Politics

WaPo’s Fact Check On Gillespie’s MS-13 Claims Accidentally Proved His Point

A Tuesday fact check from The Washington Post attempted to prove that claims from Republican candidate Ed Gillespie were “false” and “misleading,” but totally proved Gillespie’s point instead.

Gillespie, who is running for governor in Virginia, has repeatedly claimed that there are more than 2,000 MS-13 gang members in Fairfax County, Virginia’s wealthiest county. WaPo contested this claim and clarified that while there are an estimated 2,000 members of 80 different gangs in Fairfax county, only 1,400 of those belong to MS-13.

The article later quotes Jay Lanham, a former executive director of the Northern Virginia Regional Gang Task Force (NVRGTF), who said Gillespie’s 2,000 number is “probably pretty accurate.” The newspaper nevertheless gave Gillespie’s claim two Pinocchios.

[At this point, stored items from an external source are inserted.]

(* No flower is a Burling graph.
   Context: Graphs are finite, without loops or multiple edges. A hole in a graph is an induced cycle of length at least $4$. A flower is a graph $G$ consisting of a hole $H$ together with, for every edge $e$ of $H$, a hole $H_e$ of $G$ containing $e$, such that $V(H)\cap V(H_e)$ is exactly the set of the two endpoints of $e$; for all distinct edges $e,f$ of $H$, $V(H_e)\cap V(H_f)$ is the set of common endpoints of $e$ and $f$; and the vertices and edges of $G$ are exactly those of the holes $H_e$. In a rooted tree $T$ with root $r$, each non-root vertex $v$ has a parent $p(v)$; children, leaves, ancestors and descendants are as usual. A branch is a sequence $v_1\dots v_k$ ($k\ge0$) with $v_i$ the parent of $v_{i+1}$; it starts at $v_1$. A Burling tree is a 4-tuple $(T,r,\ell,c)$: $T$ a rooted tree with root $r$; $\ell$ assigns to each non-leaf vertex $v$ one of its children $\ell(v)$ (the last-born of $v$); $c$ assigns to every vertex $v$ that is neither the root nor a last-born the vertex-set of a (possibly empty) branch starting at $\ell(p(v))$, and $c(v)=\emptyset$ if $v$ is the root or a last-born. The oriented graph fully derived from it has vertex-set $V(T)$ and an arc $uv$ iff $v\in c(u)$. A (non-oriented) graph is a Burling graph if it is isomorphic to an induced subgraph of the underlying graph of the oriented graph fully derived from some Burling tree. *)

(* Finite simple graphs are symmetric irreflexive relations
   [adj : rel V] on a finType V. *)
From mathcomp Require Import all_boot.
Set Implicit Arguments. Unset Strict Implicit. Unset Printing Implicit Defensive.

Section Graphs.
Variables (V : finType) (adj : rel V).

(* A hole: an induced cycle of length >= 4, given by its cyclic sequence of
   (distinct) vertices; two vertices of the hole are adjacent in G exactly
   when they are cyclically consecutive in the sequence. *)
Definition is_hole (s : seq V) : Prop :=
  [/\ uniq s, 4 <= size s &
    forall x y, x \in s -> y \in s ->
      adj x y = (index y s == (index x s).+1 %% size s)
             || (index x s == (index y s).+1 %% size s)].

(* The edges of a hole s, each given as its (2-element) set of endpoints
   (the hole is induced, so its edges are the G-edges inside it). *)
Definition hole_edges (s : seq V) : {set {set V}} :=
  [set [set x; y] | x in s, y in s & adj x y].

Definition flower : Prop :=
  exists (H : seq V) (He : {set V} -> seq V),
  [/\ is_hole H,
      (forall e, e \in hole_edges H ->
         [/\ is_hole (He e), e \subset [set z in He e] &
             [set z in H] :&: [set z in He e] = e]),
      (forall e f, e \in hole_edges H -> f \in hole_edges H -> e != f ->
         [set z in He e] :&: [set z in He f] = e :&: f),
      (forall v, exists2 e, e \in hole_edges H & v \in He e) &
      (forall u v, adj u v ->
         exists2 e, e \in hole_edges H & (u \in He e) && (v \in He e))].
End Graphs.

(* The rooted tree T is given by its root r
   and a parent function par with par r = r, every vertex reaching r by
   iterating par; the children of v are the u <> r with par u = v.
   [l] is the last-born map (only meaningful on non-leaves), [c] the map c. *)
Definition burling_tree (U : finType) (r : U) (par l : U -> U)
  (c : U -> {set U}) : Prop :=
  [/\ par r = r,
      (forall v, exists n, iter n par v = r),
      (forall v, (exists u, (u != r) && (par u == v)) ->
                 l v != r /\ par (l v) = v),
      (forall v, (v == r) || (l (par v) == v) -> c v = set0) &
      (forall v, v != r -> l (par v) != v ->
         exists s : seq U, c v = [set x in s] /\
           (s = [::] \/
            exists t, s = l (par v) :: t /\
              path (fun a b => (b != r) && (par b == a)) (l (par v)) t))].

(* Underlying (non-oriented) graph of the oriented graph fully derived from
   a Burling tree: arc uv iff v \in c u. *)
Definition burling_adj (U : finType) (c : U -> {set U}) : rel U :=
  fun u v => (v \in c u) || (u \in c v).

Definition burling_graph (V : finType) (adj : rel V) : Prop :=
  exists (U : finType) (r : U) (par l : U -> U) (c : U -> {set U}),
    burling_tree r par l c /\
    exists f : V -> U, injective f /\
      forall x y, adj x y = burling_adj c (f x) (f y).

(* Adjacent vertices of a Burling graph are incomparable in its tree, and an
   edge pq with q strictly below x and p not below x is an arc p -> x; so a
   walk leaving the subtree of x passes through a neighbour of x.  Taking a
   vertex of minimum depth shows that every hole contains a vertex t0 strictly
   above another of its vertices; then t0 lies above the whole hole except its
   two neighbours, each of which has arcs to t0 and to the next vertex.  Walking
   the central hole H of a flower from such a t0, each of the two petals at t0
   contains a vertex outside H strictly above t0.  Each of these two vertices
   has no neighbour in the other petal, hence lies above all of it; so they are
   equal, although the two petals only share t0. *)

From mathcomp Require Import all_boot zify.

Set Implicit Arguments. Unset Strict Implicit. Unset Printing Implicit Defensive.

Lemma discrete_ivt (P : pred nat) i j : i <= j -> P i != P j ->
  exists2 k, i <= k < j & P k != P k.+1.
Proof.
elim: j => [|j IHj]; first by rewrite leqn0 => /eqP ->; rewrite eqxx.
rewrite leq_eqVlt => /predU1P[-> | lt_ij]; first by rewrite eqxx.
have [Pj|Pj] := eqVneq (P j) (P j.+1); last by exists j => //; rewrite ltnSn andbT.
rewrite -Pj => /(IHj lt_ij) [k /andP[ik kj] Pk].
by exists k; rewrite // ik ltnW.
Qed.

Lemma eqn_modS n i j : i < n -> j < n -> j == i.+1 %[mod n] ->
  j = i.+1 \/ j = 0 /\ i = n.-1.
Proof.
move=> lt_in lt_jn; rewrite (modn_small lt_jn).
have [lt_Sin|le_nSi] := ltnP i.+1 n; first by rewrite modn_small // => /eqP; left.
by rewrite (_ : i.+1 = n) ?modnn => [/eqP|]; [right|]; lia.
Qed.

(** * Walking around a hole *)

Section HoleWalk.
Variables (V : finType) (adj : rel V).
Hypothesis adj_sym : symmetric adj.

Record hole_walk (X : seq V) (m : nat) (t : nat -> V) : Prop := HoleWalk {
  hw_size : 4 <= m;
  hw_wrap : t m = t 0;
  hw_mem : forall i, i < m -> t i \in X;
  hw_onto : forall x, x \in X -> exists2 i, i < m & t i = x;
  hw_inj : forall i j, i < m -> j < m -> t i = t j -> i = j;
  hw_adj : forall i, i < m -> adj (t i) (t i.+1);
  hw_chordless : forall i j, i < m -> j < m -> adj (t i) (t j) ->
    [|| j == i.+1, i == j.+1, (i == 0) && (j == m.-1) | (j == 0) && (i == m.-1)] }.

Lemma hole_walk_from X a : is_hole adj X -> a \in X ->
  exists m t, hole_walk X m t /\ t 0 = a.
Proof.
case=> uniqX size4 adjX aX; set n := size X in size4 adjX.
have n_gt0 : 0 < n by lia.
pose t k := nth a X ((index a X + k) %% n).
have t_mem k : t k \in X by rewrite mem_nth // ltn_pmod.
have index_t k : index (t k) X = (index a X + k) %% n.
  by rewrite index_uniq // ltn_pmod.
have t_adj i j : adj (t i) (t j) = (j == i.+1 %[mod n]) || (i == j.+1 %[mod n]).
  have modS k : (k %% n).+1 %% n = k.+1 %% n by rewrite -addn1 modnDml addn1.
  by rewrite adjX ?t_mem // !index_t !modS -!addnS !eqn_modDl.
exists n, t; split; last by rewrite /t addn0 modn_small ?index_mem ?nth_index.
split=> //.
- by rewrite /t modnDr addn0.
- move=> x xX; exists ((index x X + (n - index a X)) %% n); first exact: ltn_pmod.
  have lt_xn : index x X < n by rewrite index_mem.
  have lt_an : index a X < n by rewrite index_mem.
  by rewrite /t modnDmr addnCA subnKC ?modnDr ?modn_small ?nth_index // ltnW.
- move=> i j lt_in lt_jn /(congr1 (index^~ X)); rewrite !index_t => /eqP.
  by rewrite eqn_modDl !modn_small // => /eqP.
- by move=> i _; rewrite t_adj eqxx.
- move=> i j lt_in lt_jn; rewrite t_adj.
  by case/orP=> [/(eqn_modS lt_in lt_jn) | /(eqn_modS lt_jn lt_in)]; lia.
Qed.

Section Walk.
Variables (X : seq V) (m : nat) (t : nat -> V).
Hypothesis W : hole_walk X m t.

Lemma hw_mem_le i : i <= m -> t i \in X.
Proof.
rewrite leq_eqVlt => /predU1P[->|]; last exact: hw_mem.
by rewrite (hw_wrap W) (hw_mem W) // (leq_trans _ (hw_size W)).
Qed.

Lemma hw_neq i j : i < m -> j < m -> i != j -> t i != t j.
Proof. by move=> im jm; apply: contra_neq; apply: (hw_inj W im jm). Qed.

Lemma hw_adj_last : adj (t m.-1) (t 0).
Proof.
have m_gt0 : 0 < m by move: (hw_size W); lia.
by rewrite -(hw_wrap W) -{2}(prednK m_gt0) (hw_adj W) // prednK.
Qed.

Lemma hw_adj0 j : j < m -> adj (t 0) (t j) -> (j == 1) || (j == m.-1).
Proof.
move=> jm; have m0 : 0 < m by move: (hw_size W); lia.
by move/(hw_chordless W m0 jm); lia.
Qed.

Lemma hw_adj1 j : j < m -> adj (t 1) (t j) -> (j == 0) || (j == 2).
Proof.
move=> jm; have m4 := hw_size W; have m1 : 1 < m by lia.
by move/(hw_chordless W m1 jm); lia.
Qed.

Lemma hw_nonadj0 j : j < m -> t j != t 0 -> ~~ adj (t 0) (t j) -> 1 < j /\ j.+1 < m.
Proof.
move=> jm j_neq0 nadj; have m4 := hw_size W.
have j0 : j != 0 by apply: contra_neq j_neq0 => ->.
have j1 : j != 1 by apply: contraNneq nadj => ->; apply: (hw_adj W); lia.
have jm1 : j != m.-1 by apply: contraNneq nadj => ->; rewrite adj_sym hw_adj_last.
by split; lia.
Qed.

Definition rev_walk k := t (if k == 0 then 0 else m - k).

Lemma hole_walk_rev : hole_walk X m rev_walk.
Proof.
have m4 := hw_size W; rewrite /rev_walk.
have idx_lt k : k < m -> (if k == 0 then 0 else m - k) < m by case: eqP; lia.
split=> //.
- by rewrite subnn; case: eqP.
- by move=> i /idx_lt; apply: hw_mem.
- move=> x /(hw_onto W) [i lt_im <-{x}]; exists (if i == 0 then 0 else m - i).
    exact: idx_lt.
  case: (i =P 0) => [-> //|i0].
  by rewrite (_ : (m - i == 0) = false) ?subKn //; lia.
- move=> i j /[dup] lt_im /idx_lt ? /[dup] lt_jm /idx_lt ? /(hw_inj W).
  by case: eqP; case: eqP; lia.
- move=> i lt_im; rewrite adj_sym /=.
  have -> : t (if i == 0 then 0 else m - i) = t (m - i).
    by case: eqP => [->|]; rewrite ?subn0 ?(hw_wrap W).
  by rewrite -(subnSK lt_im) (hw_adj W) //; lia.
- move=> i j /[dup] lt_im /idx_lt ? /[dup] lt_jm /idx_lt ? /(hw_chordless W).
  by case: eqP; case: eqP; lia.
Qed.

End Walk.

Lemma hole_walk_edge X a b : is_hole adj X -> a \in X -> b \in X -> adj a b ->
  exists m t, [/\ hole_walk X m t, t 0 = a & t 1 = b].
Proof.
move=> holeX aX bX ab; have [m [t [W t0]]] := hole_walk_from holeX aX.
have [j jm tj] := hw_onto W bX; rewrite -t0 -tj in ab.
have /orP[/eqP j1|/eqP jm1] := hw_adj0 W jm ab; first by exists m, t; rewrite -j1.
exists m, (rev_walk m t); split=> //; first exact: hole_walk_rev.
by rewrite /rev_walk /= subn1 -jm1.
Qed.

End HoleWalk.

(** * Burling trees *)

Section BurlingTree.
Variables (U : finType) (r : U) (par l : U -> U) (c : U -> {set U}).
Hypothesis par_root : par r = r.
Hypothesis root_reachable : forall v, exists n, iter n par v = r.
Hypothesis last_born_child : forall v, (exists u, (u != r) && (par u == v)) ->
  l v != r /\ par (l v) = v.
Hypothesis c_root_last_born : forall v, (v == r) || (l (par v) == v) -> c v = set0.
Hypothesis c_branch : forall v, v != r -> l (par v) != v ->
  exists s : seq U, c v = [set x in s] /\
    (s = [::] \/ exists t, s = l (par v) :: t /\
       path (fun a b => (b != r) && (par b == a)) (l (par v)) t).

Definition anc x y := fconnect par y x.

Lemma anc_refl x : anc x x. Proof. exact: connect0. Qed.

Lemma anc_trans y x z : anc x y -> anc y z -> anc x z.
Proof. by move=> xy yz; apply: connect_trans yz xy. Qed.

Lemma anc_par x : anc (par x) x. Proof. exact: fconnect1. Qed.

Lemma ancE x y : anc x y = (x == y) || anc x (par y).
Proof. by rewrite /anc fconnect_eqVf eq_sym. Qed.

Lemma anc_total x y z : anc x z -> anc y z -> anc x y || anc y x.
Proof.
move=> /iter_findex xz /iter_findex yz.
case: (leqP (findex par z x) (findex par z y)) => [le_xy|/ltnW le_yx].
  by rewrite /anc -yz -(subnK le_xy) iterD xz fconnect_iter orbT.
by rewrite /anc -xz -(subnK le_yx) iterD yz fconnect_iter.
Qed.

Lemma iter_par_root n : iter n par r = r.
Proof. by elim: n => //= n ->. Qed.

Lemma exists_root_iter v : exists n, iter n par v == r.
Proof. by have [n /eqP] := root_reachable v; exists n. Qed.

Definition depth v := ex_minn (exists_root_iter v).

Lemma depth_par v : v != r -> depth v = (depth (par v)).+1.
Proof.
rewrite /depth => v_neq_r.
case: ex_minnP => n /eqP vn min_n; case: ex_minnP => k /eqP pk min_k.
case: n vn min_n => [/= vr|n]; first by rewrite vr eqxx in v_neq_r.
rewrite iterSr => vn min_n; congr _.+1; apply/eqP; rewrite eqn_leq min_k ?vn //=.
by rewrite -ltnS min_n // iterSr pk.
Qed.

Lemma anc_depth x y : anc x y -> x != y -> depth x < depth y.
Proof.
move=> /iter_findex; move: (findex _ _ _) => n; elim: n y => [|n IHn] y.
  by move=> /= ->; rewrite eqxx.
rewrite iterSr => xy x_neq_y; have [yr|y_neq_r] := eqVneq y r.
  by rewrite yr par_root iter_par_root in xy; rewrite -xy yr eqxx in x_neq_y.
rewrite (depth_par y_neq_r) ltnS; have [->|] := eqVneq x (par y); first by [].
by move/(IHn _ xy)/ltnW.
Qed.

Lemma anc_antisym x y : anc x y -> anc y x -> x = y.
Proof.
move=> xy yx; apply/eqP; apply: contraT => x_neq_y.
by rewrite -(ltnn (depth x)) (ltn_trans (anc_depth xy x_neq_y)) // anc_depth // eq_sym.
Qed.

Lemma anc_sibling x y : x != r -> y != r -> par x = par y -> anc x y -> x = y.
Proof.
move=> xr yr pxy xy; apply/eqP; apply: contraT => x_neq_y.
by have := anc_depth xy x_neq_y; rewrite (depth_par xr) (depth_par yr) pxy ltnn.
Qed.

Definition child a b := (b != r) && (par b == a).

Lemma mem_branch h t : path child h t ->
  forall v, (v \in h :: t) = anc h v && anc v (last h t).
Proof.
elim: t h => [|h' t IHt] h /=.
  move=> _ v; rewrite inE; apply/eqP/andP => [->|[hv vh]].
    by rewrite anc_refl.
  exact: anc_antisym.
case/andP => /andP[_ /eqP ph'] path_t v.
have hh' : anc h h' by rewrite -ph' anc_par.
have h'L : anc h' (last h' t).
  by have := IHt h' path_t h'; rewrite mem_head anc_refl => /= <-.
rewrite inE IHt //; have [->|v_neq_h] := eqVneq v h.
  by rewrite anc_refl (anc_trans hh' h'L).
apply/andP/andP => [[h'v vL]|[hv vL]]; first by split; first exact: anc_trans hh' h'v.
split=> //; have /orP[//|] := anc_total h'L vL.
rewrite ancE ph' => /orP[/eqP-> | vh]; first exact: anc_refl.
by rewrite (anc_antisym vh hv) eqxx in v_neq_h.
Qed.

WaPo cites numbers from the Fairfax County Police Department that say there are only 1,400 MS-13 members, but Lanham argued the NVRGTF’s numbers were more accurate, as “most of the estimates from the police department are going to be on the low side.” (RELATED: ICE Director On MS-13: ‘My Gang Is Bigger Than Theirs’)

According to WaPo, even Gillespie’s 2,000 number is “relatively small” given Fairfax has a population of more than 1 million. Compared with the number of police, however, even WaPo’s measure of 1,400 MS-13 members is massive.

If WaPo’s number is accurate, there are more MS-13 members in the county than there are police officers.  The county employs 1062 patrol officers, and even including special units their numbers only reach 1,350, according to a 2015 annual report from Fairfax police. (RELATED: Sessions Approves New Tools To Annihilate MS-13)

WaPo justified its two Pinocchios rating with the claim that Gillespie is misleading voters by using the highest estimate available, but even the lower estimates show that the county’s largest criminal organization can match county police man-for-man.

The two Pinocchio rating denotes “significant omissions and/or exaggerations. Some factual error may be involved but not necessarily. A politician can create a false, misleading impression by playing with words and using legalistic language that means little to ordinary people,” according to WaPo.